(* Let $\mathcal M$ be a universally ex-post IC-IR single-item mechanism in an interdependent-values setting. Then under no-overbidding $\mathcal M$ is dominant-strategy incentive compatible: for every signal profile $\mathbf s$, every bid profile $\mathbf b$ with $\mathbf b\le\mathbf s$ coordinatewise, and every bidder $i$, $$\mathbb E\big[u_i((s_i,\mathbf b_{-i});\mathbf s)\big]\ge\mathbb E\big[u_i(\mathbf b;\mathbf s)\big],$$ where expectations are over the randomness of $\mathcal M$.
   Context: Single-item interdependent-values setting: bidders $i\in[n]$ have private signals $s_i\in S_i\subseteq\mathbb R_{\ge0}$ (intervals) and publicly known valuations $v_i:S_1\times\dots\times S_n\to\mathbb R_{\ge0}$, weakly increasing in every coordinate and strictly increasing in $s_i$. A deterministic mechanism $(x,p)$ solicits bids $b_i\in S_i$, outputs $x_i(\mathbf b)\in\{0,1\}$ with $\sum_ix_i(\mathbf b)\le1$ and payments $p_i(\mathbf b)$; utility $u_i(\mathbf b;\mathbf s)=x_i(\mathbf b)v_i(\mathbf s)-p_i(\mathbf b)$. It is ex-post IC-IR if for every $\mathbf s$, every $i$ and every $b_i\in S_i$: $x_i(\mathbf s)v_i(\mathbf s)-p_i(\mathbf s)\ge\max\{x_i(b_i,\mathbf s_{-i})v_i(\mathbf s)-p_i(b_i,\mathbf s_{-i}),0\}$. A randomized mechanism is universally ex-post IC-IR if it is a probability distribution over deterministic ex-post IC-IR mechanisms. *)

From HB Require Import structures.
From mathcomp Require Import all_boot all_order all_algebra.
From mathcomp Require Import all_classical all_reals all_analysis.
Set Implicit Arguments. Unset Strict Implicit. Unset Printing Implicit Defensive.
Import Order.TTheory GRing.Theory Num.Theory.
Local Open Scope ring_scope.
Local Open Scope classical_set_scope.

Section Auction.
Variables (R : realType) (n : nat).

Definition profile := 'I_n -> R.

Definition upd (s : profile) (i : 'I_n) (c : R) : profile :=
  fun j => if j == i then c else s j.

Definition signal_spaces (S : 'I_n -> set R) : Prop :=
  forall i, is_interval (S i) /\ S i `<=` [set x | 0 <= x].

Definition in_prof (S : 'I_n -> set R) (s : profile) : Prop := forall i, S i (s i).

Definition valuations (S : 'I_n -> set R) (v : 'I_n -> profile -> R) : Prop :=
  forall i, forall s, in_prof S s ->
    [/\ 0 <= v i s,
        (forall j c, S j c -> s j <= c -> v i s <= v i (upd s j c)) &
        (forall c, S i c -> s i < c -> v i s < v i (upd s i c))].

Record mechanism := Mechanism {
  alloc : 'I_n -> profile -> bool;
  pay : 'I_n -> profile -> R }.

Definition utility (v : 'I_n -> profile -> R) (M : mechanism)
  (i : 'I_n) (b s : profile) : R :=
  (alloc M i b)%:R * v i s - pay M i b.

Definition feasible (S : 'I_n -> set R) (M : mechanism) : Prop :=
  forall b, in_prof S b -> (\sum_(i < n) (alloc M i b : nat) <= 1)%N.

Definition expost_IC_IR (S : 'I_n -> set R) (v : 'I_n -> profile -> R)
  (M : mechanism) : Prop :=
  forall s, in_prof S s -> forall i bi, S i bi ->
    Num.max (utility v M i (upd s i bi) s) 0 <= utility v M i s s.

End Auction.

(** For a deterministic ex-post IC-IR mechanism, compare the bid profile b
    with b' = (s_i, b_{-i}), where s_i >= b_i.  Ex-post IC at the signal
    profile b' against the deviation b_i, and at the signal profile b against
    the deviation s_i, combined with v_i(b) < v_i(b') <= v_i(s), show that
    bidding s_i wins whenever bidding b_i does, and then at a payment no
    higher.  Hence u_i(b'; s) >= u_i(b; s) for every mechanism in the support,
    and integrating over the randomness gives the claim. *)
From HB Require Import structures.
From mathcomp Require Import all_boot all_order all_algebra.
From mathcomp Require Import all_classical all_reals all_analysis.
From mathcomp Require Import lra.
Set Implicit Arguments. Unset Strict Implicit. Unset Printing Implicit Defensive.
Import Order.TTheory GRing.Theory Num.Theory.
Local Open Scope ring_scope.
Local Open Scope classical_set_scope.

Section Profiles.
Variables (R : realType) (n : nat).
Implicit Types (s b : profile R n) (S : 'I_n -> set R).

Lemma upd_id b i : upd b i (b i) = b.
Proof. by apply: funext => j; rewrite /upd; case: eqP => [->|]. Qed.

Lemma upd_upd b i c c' : upd (upd b i c) i c' = upd b i c'.
Proof. by apply: funext => j; rewrite /upd; case: eqP. Qed.

Lemma in_prof_upd S b i c : in_prof S b -> S i c -> in_prof S (upd b i c).
Proof. by move=> hb hc j; rewrite /upd; case: eqP => [->|]. Qed.

Section CoordinatewiseMonotone.
Variables (S : 'I_n -> set R) (f : profile R n -> R).
Hypothesis f_upd_le : forall s j c,
  in_prof S s -> S j c -> s j <= c -> f s <= f (upd s j c).

Lemma le_prof_mono t u : in_prof S t -> in_prof S u ->
  (forall j, t j <= u j) -> f t <= f u.
Proof.
move=> ht hu htu.
pose w k : profile R n := fun j => if (j < k)%N then u j else t j.
have wP k : in_prof S (w k) by move=> j; rewrite /w; case: ifP.
suff /(_ n (leqnn n)) : forall k, (k <= n)%N -> f t <= f (w k).
  by have -> : w n = u by apply: funext => j; rewrite /w ltn_ord.
elim=> [_|k IH hk].
  by have -> : w 0%N = t by apply: funext => j; rewrite /w ltn0.
apply: (le_trans (IH (ltnW hk))).
have -> : w k.+1 = upd (w k) (Ordinal hk) (u (Ordinal hk)).
  apply: funext => j; rewrite /w /upd ltnS leq_eqVlt.
  case: (j =P Ordinal hk) => [-> /=|hne]; first by rewrite eqxx.
  by have /negbTE -> : (j != k :> nat) by apply/eqP => e; apply/hne/val_inj.
by apply: f_upd_le => //; rewrite /w ltnn.
Qed.

End CoordinatewiseMonotone.

Lemma valuation_le S (v : 'I_n -> profile R n -> R) i t u :
  valuations S v -> in_prof S t -> in_prof S u ->
  (forall j, t j <= u j) -> v i t <= v i u.
Proof. by move=> hv; apply: le_prof_mono => s j c /(hv i) [_ + _]; apply. Qed.

Lemma expost_IC_IR_underbid_le S (v : 'I_n -> profile R n -> R)
    (m : mechanism R n) s b i :
  valuations S v -> expost_IC_IR S v m -> in_prof S s -> in_prof S b ->
  (forall j, b j <= s j) ->
  utility v m i b s <= utility v m i (upd b i (s i)) s.
Proof.
move=> hv hic hs hb hbs.
set b' := upd b i (s i).
have hb' : in_prof S b' by apply: in_prof_upd.
have [eq_bi|ne_bi] := eqVneq (b i) (s i); first by rewrite /b' -eq_bi upd_id.
have lt_bi : b i < s i by rewrite lt_neqAle ne_bi hbs.
have ic_b' : utility v m i b b' <= utility v m i b' b'.
  by move: (hic b' hb' i (b i) (hb i)); rewrite upd_upd upd_id ge_max => /andP[].
have ic_b : utility v m i b' b <= utility v m i b b.
  by move: (hic b hb i (s i) (hs i)); rewrite -/b' ge_max => /andP[].
have v_b'_s : v i b' <= v i s.
  apply: (valuation_le i hv hb' hs) => j.
  by rewrite /b' /upd; case: eqP => [->|].
have v_b_b' : v i b < v i b' by have [_ _] := hv i b hb; apply.
move: ic_b' ic_b v_b'_s v_b_b'; rewrite /utility.
clear; case: (alloc m i b); case: (alloc m i b') => /=; lra.
Qed.

End Profiles.

Lemma integrable_utility (R : realType) (n : nat) (v : 'I_n -> profile R n -> R)
    (d : measure_display) (Omega : measurableType d) (P : probability Omega R)
    (M : Omega -> mechanism R n) i b s :
  P.-integrable setT (fun w => ((alloc (M w) i b)%:R : R)%:E) ->
  P.-integrable setT (fun w => (pay (M w) i b)%:E) ->
  P.-integrable setT (EFin \o (fun w => utility v (M w) i b s)).
Proof.
move=> hx hp.
apply: (eq_integrable measurableT
  (fun w => (v i s)%:E * ((alloc (M w) i b)%:R : R)%:E - (pay (M w) i b)%:E)%E).
  by move=> w _ /=; rewrite /utility EFinB EFinM muleC.
by apply: integrableB => //; apply: integrableZl.
Qed.

Theorem mainTheorem7 (R : realType) (n : nat) (S : 'I_n -> set R)
  (v : 'I_n -> profile R n -> R)
  (d : measure_display) (Omega : measurableType d)
  (P : probability Omega R) (M : Omega -> mechanism R n) :
  signal_spaces S -> valuations S v ->
  (* universally ex-post IC-IR: a distribution over deterministic
     feasible ex-post IC-IR mechanisms *)
  (forall w, feasible S (M w) /\ expost_IC_IR S v (M w)) ->
  (* regularity so that the expectations are well defined *)
  (forall i b, P.-integrable setT (fun w => ((alloc (M w) i b)%:R : R)%:E)) ->
  (forall i b, P.-integrable setT (fun w => (pay (M w) i b)%:E)) ->
  forall (s b : profile R n), in_prof S s -> in_prof S b ->
  (forall j, b j <= s j) ->
  forall i : 'I_n,
    Rintegral P setT (fun w => utility v (M w) i b s)
    <= Rintegral P setT (fun w => utility v (M w) i (upd b i (s i)) s).
Proof.
move=> _ hv hM hx hp s b hs hb hbs i.
apply: le_Rintegral => [||| w _]; [exact: measurableT | exact: integrable_utility..|].
exact: expost_IC_IR_underbid_le hv (proj2 (hM w)) hs hb hbs.
Qed.
Lemma lub_abs_sub p q l : is_lub2 le p q l ->
  is_lub2 le (p - q) (- (p - q)) (l + l - p - q).
Proof.
move=> [/lat_subr_ge0 Hpl [/lat_subr_ge0 Hql Hlub]]; split; [|split].
- apply/lat_subr_ge0; have -> : l + l - p - q - (p - q) = (l - p) + (l - p) by zmod_eq.
  exact: lat_addr_ge0.
- apply/lat_subr_ge0; have -> : l + l - p - q - - (p - q) = (l - q) + (l - q) by zmod_eq.
  exact: lat_addr_ge0.
- move=> w /lat_subr_ge0 H1 /lat_subr_ge0 H2; apply/lat_subr_ge0.
  have -> : w - (l + l - p - q) = (w + p + q) - (l + l) by zmod_eq.
  set h := 2^-1 *: (w + p + q).
  have hhE : h + h = w + p + q.
    by rewrite -scalerDl -div1r -splitr scale1r.
  have Hlh : le l h.
    apply: Hlub; apply: lat_double_le; rewrite hhE; apply/lat_subr_ge0.
    + by have -> : w + p + q - (p + p) = w - (p - q) by zmod_eq.
    + by have -> : w + p + q - (q + q) = w - - (p - q) by zmod_eq.
  by apply/lat_subr_ge0; rewrite -hhE; apply: lat_lerD.
Qed.

Lemma riesz_decomposition (y : nat -> Y) (P : pred nat) N m :
  (forall n, le 0 (y n)) -> le 0 m -> le m (\sum_(0 <= n < N | P n) y n) ->
  exists2 w : nat -> Y, (forall n, le 0 (w n) /\ le (w n) (y n)) &
    \sum_(0 <= n < N | P n) w n = m.
Proof.
have sum_recr (f : nat -> Y) K : \sum_(0 <= n < K.+1 | P n) f n =
    \sum_(0 <= n < K | P n) f n + (if P K then f K else 0).
  by rewrite big_mkcond big_nat_recr //= -big_mkcond.
move=> Hy; elim: N m => [|N IH] m Hm.
  rewrite big_geq // => Hm0; exists (fun=> 0); last by rewrite big_geq //; apply: lat_anti.
  by move=> n; split; [apply: lat_refl | apply: Hy].
rewrite sum_recr; set s := \sum_(0 <= n < N | P n) y n.
case HP: (P N); rewrite ?addr0 => HmS; last first.
  have [w Hw Hw_sum] := IH m Hm HmS.
  by exists w => //; rewrite sum_recr HP addr0.
(* Coordinate N receives m /\ y N = m + y N - l; the remainder l - y N <= s is
   distributed over the first N coordinates by induction. *)
have [l Hl] := lat_lub m (y N).
have [Hmeet0 Hmeet_m Hmeet_y] := lub_meet Hm (Hy N) Hl.
case: Hl => _ [/lat_subr_ge0 HyNl Hlub].
have Hs : le 0 s by apply: lat_sumr_ge0 => n _; apply: Hy.
have Hls : le (l - y N) s.
  apply/lat_subr_ge0; have -> : s - (l - y N) = s + y N - l by zmod_eq.
  apply/lat_subr_ge0/Hlub => //; apply/lat_subr_ge0.
  by have -> : s + y N - y N = s by zmod_eq.
have [w Hw Hw_sum] := IH _ HyNl Hls.
exists (fun n => if n == N then m + y N - l else w n).
  by move=> n; case: eqP => [->|_]; [split | exact: Hw].
rewrite sum_recr eqxx HP -[RHS](_ : (l - y N) + (m + y N - l) = m); last by zmod_eq.
congr (_ + _); rewrite -Hw_sum.
by apply: congr_big_nat => // n /and3P [_ _ HnN]; rewrite (ltn_eqF HnN).
Qed.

════════════════════

> Work order
Start with the line that contains "have Hs : le", end with the last line of the entries, and please retype every line in that span exactly, with no others.

> Exercise solution
have Hs : le 0 s by apply: lat_sumr_ge0 => n _; apply: Hy.
have Hls : le (l - y N) s.
  apply/lat_subr_ge0; have -> : s - (l - y N) = s + y N - l by zmod_eq.
  apply/lat_subr_ge0/Hlub => //; apply/lat_subr_ge0.
  by have -> : s + y N - y N = s by zmod_eq.
have [w Hw Hw_sum] := IH _ HyNl Hls.
exists (fun n => if n == N then m + y N - l else w n).
  by move=> n; case: eqP => [->|_]; [split | exact: Hw].
rewrite sum_recr eqxx HP -[RHS](_ : (l - y N) + (m + y N - l) = m); last by zmod_eq.
congr (_ + _); rewrite -Hw_sum.
by apply: congr_big_nat => // n /and3P [_ _ HnN]; rewrite (ltn_eqF HnN).
Qed.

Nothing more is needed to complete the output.